Problem -
The entries below must be repeated exactly. None may be skipped.

(Stored data entries)
◆ ◆ ◆
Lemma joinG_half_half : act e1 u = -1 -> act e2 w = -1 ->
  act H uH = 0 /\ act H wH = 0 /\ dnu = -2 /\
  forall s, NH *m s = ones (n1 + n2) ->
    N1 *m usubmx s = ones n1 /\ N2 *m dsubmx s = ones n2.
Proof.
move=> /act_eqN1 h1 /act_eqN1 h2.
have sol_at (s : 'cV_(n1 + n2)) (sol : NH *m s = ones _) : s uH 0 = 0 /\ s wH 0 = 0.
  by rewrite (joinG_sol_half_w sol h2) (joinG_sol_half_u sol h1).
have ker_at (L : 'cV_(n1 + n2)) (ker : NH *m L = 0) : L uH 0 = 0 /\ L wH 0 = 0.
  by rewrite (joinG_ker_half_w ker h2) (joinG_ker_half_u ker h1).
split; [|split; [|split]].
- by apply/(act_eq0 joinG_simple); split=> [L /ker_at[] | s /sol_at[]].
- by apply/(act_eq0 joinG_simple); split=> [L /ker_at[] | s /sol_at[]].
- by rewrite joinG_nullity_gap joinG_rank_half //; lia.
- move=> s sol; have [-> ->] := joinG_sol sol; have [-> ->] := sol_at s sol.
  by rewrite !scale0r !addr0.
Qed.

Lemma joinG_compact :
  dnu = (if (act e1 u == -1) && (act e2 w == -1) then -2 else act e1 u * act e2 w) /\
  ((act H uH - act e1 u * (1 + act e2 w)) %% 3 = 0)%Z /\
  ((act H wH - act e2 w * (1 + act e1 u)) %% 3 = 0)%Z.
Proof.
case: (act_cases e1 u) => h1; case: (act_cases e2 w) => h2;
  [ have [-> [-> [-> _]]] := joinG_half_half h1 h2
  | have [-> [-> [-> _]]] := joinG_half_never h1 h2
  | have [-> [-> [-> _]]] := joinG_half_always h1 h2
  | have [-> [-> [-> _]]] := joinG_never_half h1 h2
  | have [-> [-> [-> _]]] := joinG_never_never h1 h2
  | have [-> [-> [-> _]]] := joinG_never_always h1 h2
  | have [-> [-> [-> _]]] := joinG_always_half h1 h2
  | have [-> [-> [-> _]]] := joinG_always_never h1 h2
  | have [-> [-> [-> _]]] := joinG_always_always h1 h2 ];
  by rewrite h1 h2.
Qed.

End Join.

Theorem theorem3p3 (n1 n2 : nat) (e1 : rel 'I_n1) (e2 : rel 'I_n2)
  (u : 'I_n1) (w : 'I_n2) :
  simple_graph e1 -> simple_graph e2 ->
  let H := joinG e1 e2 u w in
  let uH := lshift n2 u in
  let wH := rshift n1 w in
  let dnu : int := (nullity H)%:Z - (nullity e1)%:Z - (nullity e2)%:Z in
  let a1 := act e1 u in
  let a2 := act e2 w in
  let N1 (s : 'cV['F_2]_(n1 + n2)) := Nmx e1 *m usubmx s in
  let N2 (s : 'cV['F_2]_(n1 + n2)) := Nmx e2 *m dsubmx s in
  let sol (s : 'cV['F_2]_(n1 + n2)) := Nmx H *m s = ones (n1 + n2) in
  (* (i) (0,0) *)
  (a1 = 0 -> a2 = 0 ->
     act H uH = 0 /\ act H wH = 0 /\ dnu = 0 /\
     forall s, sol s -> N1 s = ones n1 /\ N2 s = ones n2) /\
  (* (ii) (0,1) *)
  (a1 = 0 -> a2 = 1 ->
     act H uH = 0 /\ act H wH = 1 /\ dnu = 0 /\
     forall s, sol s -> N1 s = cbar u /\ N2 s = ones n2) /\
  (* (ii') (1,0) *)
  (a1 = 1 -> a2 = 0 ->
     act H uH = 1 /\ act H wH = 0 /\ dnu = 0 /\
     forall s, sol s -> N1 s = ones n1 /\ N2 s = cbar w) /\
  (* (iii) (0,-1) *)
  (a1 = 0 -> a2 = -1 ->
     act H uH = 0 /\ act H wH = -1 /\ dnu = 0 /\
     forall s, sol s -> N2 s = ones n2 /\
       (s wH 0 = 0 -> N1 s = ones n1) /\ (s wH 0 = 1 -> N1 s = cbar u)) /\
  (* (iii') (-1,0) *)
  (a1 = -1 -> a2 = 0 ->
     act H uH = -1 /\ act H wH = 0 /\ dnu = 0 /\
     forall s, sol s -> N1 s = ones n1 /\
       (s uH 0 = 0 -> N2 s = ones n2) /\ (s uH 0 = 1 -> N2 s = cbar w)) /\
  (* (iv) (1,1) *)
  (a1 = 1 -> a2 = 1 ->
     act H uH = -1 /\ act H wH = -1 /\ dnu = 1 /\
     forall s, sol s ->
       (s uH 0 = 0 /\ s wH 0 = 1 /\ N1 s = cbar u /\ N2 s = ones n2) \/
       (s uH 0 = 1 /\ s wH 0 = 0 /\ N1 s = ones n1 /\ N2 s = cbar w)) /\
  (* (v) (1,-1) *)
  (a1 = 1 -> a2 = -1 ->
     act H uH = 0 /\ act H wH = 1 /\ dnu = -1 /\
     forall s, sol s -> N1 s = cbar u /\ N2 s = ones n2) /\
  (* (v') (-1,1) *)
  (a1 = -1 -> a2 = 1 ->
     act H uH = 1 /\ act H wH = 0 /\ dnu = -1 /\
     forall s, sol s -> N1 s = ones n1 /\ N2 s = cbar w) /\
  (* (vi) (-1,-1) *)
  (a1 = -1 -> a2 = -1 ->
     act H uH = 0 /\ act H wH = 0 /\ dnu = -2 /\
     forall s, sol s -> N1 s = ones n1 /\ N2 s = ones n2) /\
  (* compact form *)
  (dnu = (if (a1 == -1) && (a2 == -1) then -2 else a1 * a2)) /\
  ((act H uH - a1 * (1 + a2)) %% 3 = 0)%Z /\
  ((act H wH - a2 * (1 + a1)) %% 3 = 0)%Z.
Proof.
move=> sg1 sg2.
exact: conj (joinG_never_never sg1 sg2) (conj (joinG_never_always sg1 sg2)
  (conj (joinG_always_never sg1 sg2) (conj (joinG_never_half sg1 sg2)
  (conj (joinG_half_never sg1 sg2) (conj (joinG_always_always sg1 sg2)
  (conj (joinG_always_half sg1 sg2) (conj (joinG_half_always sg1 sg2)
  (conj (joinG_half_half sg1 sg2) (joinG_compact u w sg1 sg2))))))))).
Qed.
◆ ◆ ◆
Task solution -
Lemma joinG_half_half : act e1 u = -1 -> act e2 w = -1 ->
  act H uH = 0 /\ act H wH = 0 /\ dnu = -2 /\
  forall s, NH *m s = ones (n1 + n2) ->
    N1 *m usubmx s = ones n1 /\ N2 *m dsubmx s = ones n2.
Proof.
move=> /act_eqN1 h1 /act_eqN1 h2.
have sol_at (s : 'cV_(n1 + n2)) (sol : NH *m s = ones _) : s uH 0 = 0 /\ s wH 0 = 0.
  by rewrite (joinG_sol_half_w sol h2) (joinG_sol_half_u sol h1).
have ker_at (L : 'cV_(n1 + n2)) (ker : NH *m L = 0) : L uH 0 = 0 /\ L wH 0 = 0.
  by rewrite (joinG_ker_half_w ker h2) (joinG_ker_half_u ker h1).
split; [|split; [|split]].
- by apply/(act_eq0 joinG_simple); split=> [L /ker_at[] | s /sol_at[]].
- by apply/(act_eq0 joinG_simple); split=> [L /ker_at[] | s /sol_at[]].
- by rewrite joinG_nullity_gap joinG_rank_half //; lia.
- move=> s sol; have [-> ->] := joinG_sol sol; have [-> ->] := sol_at s sol.
  by rewrite !scale0r !addr0.
Qed.

Lemma joinG_compact :
  dnu = (if (act e1 u == -1) && (act e2 w == -1) then -2 else act e1 u * act e2 w) /\
  ((act H uH - act e1 u * (1 + act e2 w)) %% 3 = 0)%Z /\
  ((act H wH - act e2 w * (1 + act e1 u)) %% 3 = 0)%Z.
Proof.
case: (act_cases e1 u) => h1; case: (act_cases e2 w) => h2;
  [ have [-> [-> [-> _]]] := joinG_half_half h1 h2
  | have [-> [-> [-> _]]] := joinG_half_never h1 h2
  | have [-> [-> [-> _]]] := joinG_half_always h1 h2
  | have [-> [-> [-> _]]] := joinG_never_half h1 h2
  | have [-> [-> [-> _]]] := joinG_never_never h1 h2
  | have [-> [-> [-> _]]] := joinG_never_always h1 h2
  | have [-> [-> [-> _]]] := joinG_always_half h1 h2
  | have [-> [-> [-> _]]] := joinG_always_never h1 h2
  | have [-> [-> [-> _]]] := joinG_always_always h1 h2 ];
  by rewrite h1 h2.
Qed.

End Join.

Theorem theorem3p3 (n1 n2 : nat) (e1 : rel 'I_n1) (e2 : rel 'I_n2)
  (u : 'I_n1) (w : 'I_n2) :
  simple_graph e1 -> simple_graph e2 ->
  let H := joinG e1 e2 u w in
  let uH := lshift n2 u in
  let wH := rshift n1 w in
  let dnu : int := (nullity H)%:Z - (nullity e1)%:Z - (nullity e2)%:Z in
  let a1 := act e1 u in
  let a2 := act e2 w in
  let N1 (s : 'cV['F_2]_(n1 + n2)) := Nmx e1 *m usubmx s in
  let N2 (s : 'cV['F_2]_(n1 + n2)) := Nmx e2 *m dsubmx s in
  let sol (s : 'cV['F_2]_(n1 + n2)) := Nmx H *m s = ones (n1 + n2) in
  (* (i) (0,0) *)
  (a1 = 0 -> a2 = 0 ->
     act H uH = 0 /\ act H wH = 0 /\ dnu = 0 /\
     forall s, sol s -> N1 s = ones n1 /\ N2 s = ones n2) /\
  (* (ii) (0,1) *)
  (a1 = 0 -> a2 = 1 ->
     act H uH = 0 /\ act H wH = 1 /\ dnu = 0 /\
     forall s, sol s -> N1 s = cbar u /\ N2 s = ones n2) /\
  (* (ii') (1,0) *)
  (a1 = 1 -> a2 = 0 ->
     act H uH = 1 /\ act H wH = 0 /\ dnu = 0 /\
     forall s, sol s -> N1 s = ones n1 /\ N2 s = cbar w) /\
  (* (iii) (0,-1) *)
  (a1 = 0 -> a2 = -1 ->
     act H uH = 0 /\ act H wH = -1 /\ dnu = 0 /\
     forall s, sol s -> N2 s = ones n2 /\
       (s wH 0 = 0 -> N1 s = ones n1) /\ (s wH 0 = 1 -> N1 s = cbar u)) /\
  (* (iii') (-1,0) *)
  (a1 = -1 -> a2 = 0 ->
     act H uH = -1 /\ act H wH = 0 /\ dnu = 0 /\
     forall s, sol s -> N1 s = ones n1 /\
       (s uH 0 = 0 -> N2 s = ones n2) /\ (s uH 0 = 1 -> N2 s = cbar w)) /\
  (* (iv) (1,1) *)
  (a1 = 1 -> a2 = 1 ->
     act H uH = -1 /\ act H wH = -1 /\ dnu = 1 /\
     forall s, sol s ->
       (s uH 0 = 0 /\ s wH 0 = 1 /\ N1 s = cbar u /\ N2 s = ones n2) \/
       (s uH 0 = 1 /\ s wH 0 = 0 /\ N1 s = ones n1 /\ N2 s = cbar w)) /\
  (* (v) (1,-1) *)
  (a1 = 1 -> a2 = -1 ->
     act H uH = 0 /\ act H wH = 1 /\ dnu = -1 /\
     forall s, sol s -> N1 s = cbar u /\ N2 s = ones n2) /\
  (* (v') (-1,1) *)
  (a1 = -1 -> a2 = 1 ->
     act H uH = 1 /\ act H wH = 0 /\ dnu = -1 /\
     forall s, sol s -> N1 s = ones n1 /\ N2 s = cbar w) /\
  (* (vi) (-1,-1) *)
  (a1 = -1 -> a2 = -1 ->
     act H uH = 0 /\ act H wH = 0 /\ dnu = -2 /\
     forall s, sol s -> N1 s = ones n1 /\ N2 s = ones n2) /\
  (* compact form *)
  (dnu = (if (a1 == -1) && (a2 == -1) then -2 else a1 * a2)) /\
  ((act H uH - a1 * (1 + a2)) %% 3 = 0)%Z /\
  ((act H wH - a2 * (1 + a1)) %% 3 = 0)%Z.
Proof.
move=> sg1 sg2.
exact: conj (joinG_never_never sg1 sg2) (conj (joinG_never_always sg1 sg2)
  (conj (joinG_always_never sg1 sg2) (conj (joinG_never_half sg1 sg2)
  (conj (joinG_half_never sg1 sg2) (conj (joinG_always_always sg1 sg2)
  (conj (joinG_always_half sg1 sg2) (conj (joinG_half_always sg1 sg2)
  (conj (joinG_half_half sg1 sg2) (joinG_compact u w sg1 sg2))))))))).
Qed.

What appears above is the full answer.